Favouritism in the context of local government
“Party favoritism” was in the news as another and inded negative aspect of local government in Nepal. In a newly released report on a UNDP funded micro-enterprise programme – the Micro Enterprise Development for Poverty Alleviation (MEDPA) – it came out that around 70 percent of the trainings under this poverty alleviation initiative went to “party henchmen” of local politicians. Still in operation, the programme has reached over 140,000 locals across all 77 districts and has spent over 3 billion Nrs. during its fourth phase (2013-2018) alone. Favouritism has been rife not least after the local election in 2017 when mayors became chairmen of the beneficiary selection committees, and when they as well as ward chairmen could make recommendations to include supporters in the programme. Favouritism is an old practice at local level, and this headline in October underlines that it is still very much alive!
From a “local democracy” perspective, it may not inspire optimism to see that a municipality gives in to local pressure and leaves a serious waste management problem unsolved, as in Butwal, or that internal disputes can grow so severe that not even the municipal budget is approved, or that resources meant for the poor are distributed on the basis of favouritism.
This tour of the news on local government over the last month or so, though, can still end on a positive note!
It’s true that the municipalities often get “bad press” as their conduct can leave much to be desired. But in between these headlines are also positive stories that illustrate the strength of local government in a country like Nepal.
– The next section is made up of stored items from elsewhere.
(* A half-automorphism f satisfies (f (X Y)).1 = (f X).1 (f Y).1 whichever
   order is chosen, so its first component is an automorphism g of K; using an
   element of order > 2 one sees that f maps 1 x M onto itself through an
   automorphism h of M.  On a coset with A <> 1 the map is then
   (A, x) |-> (g A, u_A h(x)^(+-1)), and comparing the products of two distinct
   nontrivial cosets forces u_A^2 = 1, u_(AB) = u_A u_B and a sign that does not
   depend on A: f is F^+ or F^-.  Conversely every F^+ and F^- is a
   half-automorphism, and (sign, f', f'', u, v) is read back from f, so
   |Half(L_M)| = 2 |Aut K| |Aut M| |T|^2 with T = {x | x^2 = 1}.  Finally
   |T| = 1 when |M| is odd and |T| = 2^s for M = C_(2i_1) x ... x C_(2i_s) x M_1. *)

Lemma kmulC A B : kmul A B = kmul B A.
Proof. by case: A B => [[] []] [[] []]. Qed.

Lemma kmulk1 A : kmul A k1 = A.
Proof. by case: A => [[] []]. Qed.

Lemma kmulkk A : kmul A A = k1.
Proof. by case: A => [[] []]. Qed.

Lemma kmul_eq1 A B : kmul A B = k1 -> A = B.
Proof. by case: A B => [[] []] [[] []]. Qed.

Lemma kmul_neq1 A B : A != B -> kmul A B != k1.
Proof. by apply: contra => /eqP /kmul_eq1 ->. Qed.

Section GroupFacts.
Variable G : finGroupType.
Local Open Scope group_scope.

Lemma expg2E (x : G) : x ^+ 2 = x * x.
Proof. by rewrite expgS expg1. Qed.

Lemma exists_sq_neq1 : 2 < exponent [set: G] -> exists w : G, w * w != 1.
Proof.
move=> expG; apply/existsP; apply: contraTT expG => /existsPn sq1.
rewrite -leqNgt; apply: dvdn_leq => //; apply/exponentP => x _.
by have := sq1 x; rewrite negbK expg2E => /eqP.
Qed.

Lemma mul_pm_eq1 (p q P : G) :
  p != q -> p = P \/ p = P^-1 -> q = P^-1 \/ q = P -> p * q = 1.
Proof.
by move=> npq [] Ep [] Eq; rewrite Ep Eq ?mulgV ?mulVg //; move: npq; rewrite Ep Eq eqxx.
Qed.

Variable h : G -> G.
Hypothesis hM : forall x y, h (x * y) = h x * h y.

Lemma hom1 : h 1 = 1.
Proof. by apply: (mulgI (h 1)); rewrite -hM !mulg1. Qed.

Lemma homV x : h x^-1 = (h x)^-1.
Proof. by apply: (mulIg (h x)); rewrite -hM !mulVg hom1. Qed.

End GroupFacts.

Section AbelianGroup.
Variable M : finGroupType.
Hypothesis abelM : abelian [set: M].
Local Open Scope group_scope.

Lemma mulgC (x y : M) : x * y = y * x.
Proof. exact: (centsP abelM) x (in_setT x) y (in_setT y). Qed.

Lemma mulgCA (x y z : M) : x * (y * z) = y * (x * z).
Proof. by rewrite !mulgA (mulgC x). Qed.

Lemma mulgAC (x y z : M) : x * y * z = x * z * y.
Proof. by rewrite -!mulgA (mulgC y). Qed.

Lemma invMgC (x y : M) : (x * y)^-1 = x^-1 * y^-1.
Proof. by rewrite invMg mulgC. Qed.

Lemma mulVg_cancel (v p q : M) : (v * p)^-1 * (v * q) = p^-1 * q.
Proof. by rewrite invMgC mulgA (mulgC v^-1) mulgKV. Qed.

Lemma mul_pm_pair (v z : M) : v * z * (v * z^-1) = v * v.
Proof. by rewrite mulgA (mulgAC v z v) mulgK. Qed.

Lemma eq_of_mulVg (u1 u2 p q : M) :
  u1 * u1 = 1 -> (u1 * p)^-1 * (u2 * q) = u1 * u2 -> p = q.
Proof.
move=> u1sq; rewrite invMgC.
have -> : u1^-1 = u1 by apply/eqP; rewrite eq_invg_mul u1sq.
rewrite !mulgA (mulgAC u1 p^-1 u2) -(mulgA (u1 * u2)) -{2}(mulg1 (u1 * u2)).
by move/mulgI/eqP; rewrite -eq_mulVg1 => /eqP.
Qed.

Definition powpm (b : bool) (z : M) := if b then z else z^-1.

Lemma powpm_comp b c z : powpm b (powpm c z) = powpm (b == c) z.
Proof. by case: b c => [] [] //=; rewrite invgK. Qed.

Lemma powpmM b p q : powpm b (p * q) = powpm b p * powpm b q.
Proof. by case: b => //=; rewrite invMgC. Qed.

Lemma powpm1 b : powpm b 1 = 1.
Proof. by case: b => //=; rewrite invg1. Qed.

Lemma powpmV b z : powpm b z^-1 = (powpm b z)^-1.
Proof. by case: b. Qed.

Lemma powpm_id b z : z * z = 1 -> powpm b z = z.
Proof. by case: b => //= zsq; apply/eqP; rewrite eq_invg_mul zsq. Qed.

Lemma powpm_inj b : injective (powpm b).
Proof. by case: b => //; apply: invg_inj. Qed.

Lemma powpm_sq_neq1 s z : z * z != 1 -> powpm s z * powpm s z != 1.
Proof.
move=> zsq; apply: contra zsq => /eqP sq1; apply/eqP; apply: (@powpm_inj s).
by rewrite powpmM sq1 powpm1.
Qed.

Lemma lmulE (X Y : LM M) :
  lmul X Y = (kmul X.1 Y.1, powpm (Y.1 == k1) X.2 * Y.2).
Proof. by rewrite /lmul; case: ifP. Qed.

Definition sqrt1 := [set x : M | x ^+ 2 == 1].

Lemma sqrt1_group_set : group_set sqrt1.
Proof.
apply/group_setP; split; first by rewrite inE expg1n.
move=> x y; rewrite !inE => /eqP x2 /eqP y2.
by rewrite expgMn ?x2 ?y2 ?mulg1 //; exact: mulgC.
Qed.
Canonical sqrt1_group := Group sqrt1_group_set.

Lemma sqrt1_odd (H : {group M}) : odd #|H| -> H :&: sqrt1 = 1.
Proof.
move=> oddH; apply/setP => x; rewrite !inE; apply/andP/eqP => [[Hx /eqP x2]|->].
  apply/eqP; rewrite -order_eq1 -dvdn1.
  have /eqP <- : coprime 2 #|H| by rewrite coprime2n.
  by rewrite dvdn_gcd order_dvdn x2 eqxx order_dvdG.
by rewrite group1 expg1n.
Qed.

Lemma card_sqrt1_dprod A B (H : {group M}) :
  A \x B = H -> #|H :&: sqrt1| = (#|A :&: sqrt1| * #|B :&: sqrt1|)%N.
Proof.
move=> defH; have [[A0 B0 -> ->] <- _ tiAB] := dprodP defH.
have tiT : (A0 :&: sqrt1_group)%G :&: (B0 :&: sqrt1_group)%G = 1.
  by apply/trivgP; rewrite -tiAB; apply: setISS; exact: subsetIl.
rewrite -(TI_cardMg tiT) /=; apply: eq_card => x; apply/idP/idP.
  rewrite inE => /andP[/mulsgP[a b Aa Bb ->]].
  rewrite inE expgMn; last exact: mulgC.
  move=> /eqP ab2; have a2V : a ^+ 2 = (b ^+ 2)^-1.
    by apply/eqP; rewrite eq_mulgV1 invgK ab2.
  have : a ^+ 2 \in A0 :&: B0 by rewrite inE groupX //= a2V groupV groupX.
  rewrite tiAB inE => /eqP a2.
  have b2 : b ^+ 2 = 1 by apply: invg_inj; rewrite -a2V a2 invg1.
  by apply: mem_mulg; rewrite !inE ?Aa ?Bb ?a2 ?b2 eqxx.
case/mulsgP=> a b; rewrite !inE => /andP[Aa /eqP a2] /andP[Bb /eqP b2] ->.
by rewrite mem_mulg //= expgMn ?a2 ?b2 ?mulg1 //; exact: mulgC.
Qed.

Lemma card_sqrt1_bigdprod I r (P : pred I) E (H : {group M}) :
  \big[dprod/1]_(i <- r | P i) E i = H ->
  (\prod_(i <- r | P i) #|E i :&: sqrt1|)%N = #|H :&: sqrt1|.
Proof.
elim/big_rec2: _ H => [H <- | i A B _ IH H defH].
  by rewrite setI1g cards1.
have [[_ C _ defC] _ _ _] := dprodP defH.
by rewrite (card_sqrt1_dprod defH) (IH C) defC.
Qed.

Lemma card_sqrt1_cycle (g : M) i : 0 < i -> #[g] = (2 * i)%N ->
  #|<[g]> :&: sqrt1| = 2.
Proof.
move=> i_gt0 og.
have gi_neq1 : g ^+ i != 1.
  rewrite -order_dvdn og; apply/negP => /dvdn_leq => /(_ i_gt0).
  by rewrite -{2}(mul1n i) leq_pmul2r // ltnn.
suff -> : <[g]> :&: sqrt1 = [set 1; g ^+ i] by rewrite cards2 eq_sym gi_neq1.
apply/setP => x; rewrite !inE; apply/andP/orP.
  case=> /cyclePmin [k k_lt ->]; rewrite -expgM -order_dvdn og (mulnC k).
  rewrite dvdn_pmul2l // => /dvdnP [m km].
  move: k_lt; rewrite og km ltn_pmul2r //.
  by case: m {km} => [|[|m]] //= _; [left; rewrite mul0n | right; rewrite mul1n].
case=> /eqP ->; first by rewrite group1 expg1n.
by rewrite mem_cycle -expgM mulnC -og expg_order.
Qed.

Lemma card_sqrt1_even_cycles s (g : 'I_s -> M) (M1 : {group M}) :
  (forall j, exists2 i, 0 < i & #[g j] = (2 * i)%N) -> odd #|M1| ->
  (\big[dprod/1]_(j < s) <[g j]>) \x M1 = [set: M] -> #|sqrt1| = (2 ^ s)%N.
Proof.
move=> g_even oddM1 defM; have [[B _ defB _] _ _ _] := dprodP defM.
rewrite -(setTI sqrt1) (card_sqrt1_dprod defM) (sqrt1_odd oddM1).
rewrite cards1 muln1 defB -(card_sqrt1_bigdprod defB).
rewrite (eq_bigr (fun _ => 2)) ?prod_nat_const ?card_ord // => j _.
by have [i i_gt0 og] := g_even j; exact: card_sqrt1_cycle i_gt0 og.
Qed.

Definition Fsign (b : bool) := if b then @Fplus M else @Fminus M.

Section HalfAutForm.
Variable f : LM M -> LM M.
Hypothesis f_inj : injective f.
Hypothesis f_half : forall X Y,
  f (lmul X Y) = lmul (f X) (f Y) \/ f (lmul X Y) = lmul (f Y) (f X).
Variable w : M.
Hypothesis w_sq : w * w != 1.

Lemma half_fst X Y : (f (lmul X Y)).1 = kmul (f X).1 (f Y).1.
Proof. by case: (f_half X Y) => ->; rewrite !lmulE //= kmulC. Qed.

Lemma half_unit : f (k1, 1) = (k1, 1).
Proof.
have E : lmul (k1, 1) (k1, 1) = (k1, 1 : M) by rewrite lmulE /= mulg1.
have : f (k1, 1) = lmul (f (k1, 1)) (f (k1, 1)) by case: (f_half (k1, 1) (k1, 1)); rewrite E.
case: (f (k1, 1)) => A x; rewrite lmulE /= kmulkk => -[-> x_id].
by congr (_, _); apply: (mulgI x); rewrite mulg1 {3}x_id.
Qed.

Lemma half_fst_k1_sq x : x * x != 1 -> (f (k1, x)).1 = k1.
Proof.
move=> x_sq; apply/eqP; apply: contraNT x_sq => fx_neq1.
have : f (lmul (k1, x) (k1, x)) = f (k1, 1).
  rewrite half_unit.
  have -> : f (lmul (k1, x) (k1, x)) = lmul (f (k1, x)) (f (k1, x)).
    by case: (f_half (k1, x) (k1, x)).
  by rewrite lmulE kmulkk (negbTE fx_neq1) /= mulVg.
by move/f_inj; rewrite lmulE /= => -[->].
Qed.

(* If x^2 = 1 then x = (w x) w^-1, with both factors of order > 2. *)
Lemma half_fst_k1 x : (f (k1, x)).1 = k1.
Proof.
case: (boolP (x * x == 1)) => x_sq; last exact: half_fst_k1_sq.
have E : lmul (k1, w * x) (k1, w^-1) = (k1, x).
  by rewrite lmulE /= mulgC mulgA mulVg mul1g.
rewrite -E half_fst !half_fst_k1_sq //; first by rewrite -invMgC eq_invg1.
by rewrite mulgA (mulgAC w x w) -mulgA (eqP x_sq) mulg1.
Qed.

Definition h x := (f (k1, x)).2.

Lemma half_k1 x : f (k1, x) = (k1, h x).
Proof. by have := half_fst_k1 x; rewrite /h; case: (f (k1, x)) => A y /= ->. Qed.

Lemma hM x y : h (x * y) = h x * h y.
Proof.
have E : lmul (k1, x) (k1, y) = (k1, x * y) by rewrite lmulE.
case: (f_half (k1, x) (k1, y)); rewrite E !half_k1 !lmulE /= => -[] // ->.
exact: mulgC.
Qed.

Lemma h_inj : injective h.
Proof.
move=> x y hxy; have : f (k1, x) = f (k1, y) by rewrite !half_k1 hxy.
by move/f_inj => [].
Qed.

Lemma h_sq_neq1 x : x * x != 1 -> h x * h x != 1.
Proof.
move=> x_sq; rewrite -hM; apply: contra x_sq => /eqP hx1.
by apply/eqP/h_inj; rewrite hx1 (hom1 hM).
Qed.

Definition g A := (f (A, 1)).1.

Lemma half_fst_g A x : (f (A, x)).1 = g A.
Proof.
have E : lmul (A, 1) (k1, x) = (A, x) by rewrite lmulE /= mul1g kmulk1.
by rewrite -E half_fst half_fst_k1 kmulk1.
Qed.

Lemma gM A B : g (kmul A B) = kmul (g A) (g B).
Proof.
have E : lmul (A, 1) (B, 1) = (kmul A B, 1 : M) by rewrite lmulE /= powpm1 mulg1.
by rewrite /g -E half_fst.
Qed.

Lemma g_neq1 A : A != k1 -> g A != k1.
Proof.
move=> A_neq1; apply: contra A_neq1 => /eqP gA.
have [hi hK hiK] := injF_bij h_inj.
have : f (A, 1) = f (k1, hi (f (A, 1)).2).
  by rewrite half_k1 hiK -gA /g -surjective_pairing.
by move/f_inj => [->].
Qed.

Lemma g_inj : injective g.
Proof.
move=> A B gAB; case: (eqVneq (kmul A B) k1) => [/kmul_eq1 //|/g_neq1].
by rewrite gM gAB kmulkk eqxx.
Qed.

Definition u A := (f (A, 1)).2.

Lemma half_coset A x : f (A, x) = (g A, (f (A, x)).2).
Proof. by rewrite -(half_fst_g A x) -surjective_pairing. Qed.

Lemma half_coset_pm A x : A != k1 -> exists b, (f (A, x)).2 = u A * powpm b (h x).
Proof.
move=> A_neq1.
have E : lmul (A, 1) (k1, x) = (A, x) by rewrite lmulE /= mul1g kmulk1.
have := f_half (A, 1) (k1, x); rewrite E half_k1 (half_coset A 1) !lmulE.
move=> -[] /(congr1 snd) /= ->; first by exists true.
by exists false; rewrite (negbTE (g_neq1 A_neq1)) /= mulgC.
Qed.

Lemma half_same_coset A x y : A != k1 ->
  h (x^-1 * y) = ((f (A, x)).2)^-1 * (f (A, y)).2 \/
  h (x^-1 * y) = ((f (A, y)).2)^-1 * (f (A, x)).2.
Proof.
move=> A_neq1.
have E : lmul (A, x) (A, y) = (k1, x^-1 * y) by rewrite lmulE /= kmulkk (negbTE A_neq1).
have := f_half (A, x) (A, y).
rewrite E half_k1 (half_coset A x) (half_coset A y) !lmulE /= (negbTE (g_neq1 A_neq1)).
by move=> -[] /(congr1 snd) /= ->; [left|right].
Qed.

(* If the signs at w and at y differed, the product (A, w) (A, y) would force
   h(w)^2 = 1. *)
Lemma half_coset_sign A : A != k1 ->
  exists b, forall x, (f (A, x)).2 = u A * powpm b (h x).
Proof.
move=> A_neq1; have hw_sq := h_sq_neq1 w_sq; set a := h w in hw_sq.
have [b fAw] := half_coset_pm w A_neq1; exists b => y.
have [c fAy] := half_coset_pm y A_neq1.
case: (eqVneq b c) => [-> //|nbc].
have := half_same_coset w y A_neq1.
rewrite fAw fAy hM (homV hM) !mulVg_cancel -/a.
case: b c nbc {fAw fAy} => [] [] // _ /=; rewrite ?invgK => -[] E.
- by move/mulgI: E => E; rewrite -E.
- by move: E; rewrite (mulgC _ a) => /mulIg aV; move: hw_sq; rewrite -{1}aV mulVg eqxx.
- by move/mulIg: E => aV; move: hw_sq; rewrite -{1}aV mulVg eqxx.
- by move: E; rewrite (mulgC (h y)^-1) => /mulgI <-.
Qed.

Lemma half_distinct_cosets A B x y : A != k1 -> B != k1 -> A != B ->
  (f (kmul A B, x^-1 * y)).2 = ((f (A, x)).2)^-1 * (f (B, y)).2 \/
  (f (kmul A B, x^-1 * y)).2 = ((f (B, y)).2)^-1 * (f (A, x)).2.
Proof.
move=> A_neq1 B_neq1 AB.
have E : lmul (A, x) (B, y) = (kmul A B, x^-1 * y) by rewrite lmulE /= (negbTE B_neq1).
have := f_half (A, x) (B, y).
rewrite E (half_coset A x) (half_coset B y) !lmulE /=.
rewrite (negbTE (g_neq1 B_neq1)) (negbTE (g_neq1 A_neq1)).
by move=> -[] /(congr1 snd) /= ->; [left|right].
Qed.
When municipalities come up with new ideas and initiatives, such as the “cycle city” in Birendranagar or the conservation of artefacts in Sainamaina Municipality to develop local tourism, this shows an ability of local bodies to respond to particular circumstances and opportunities in their communities. The efforts to protect villages from wildlife attack, and the social reform act in Hetauda, are two additional examples. To be sure, there are many discouraging stories on local government in Nepal. Yet in the last months or so, the headlines were not all negative ones but rather, a mixed bag.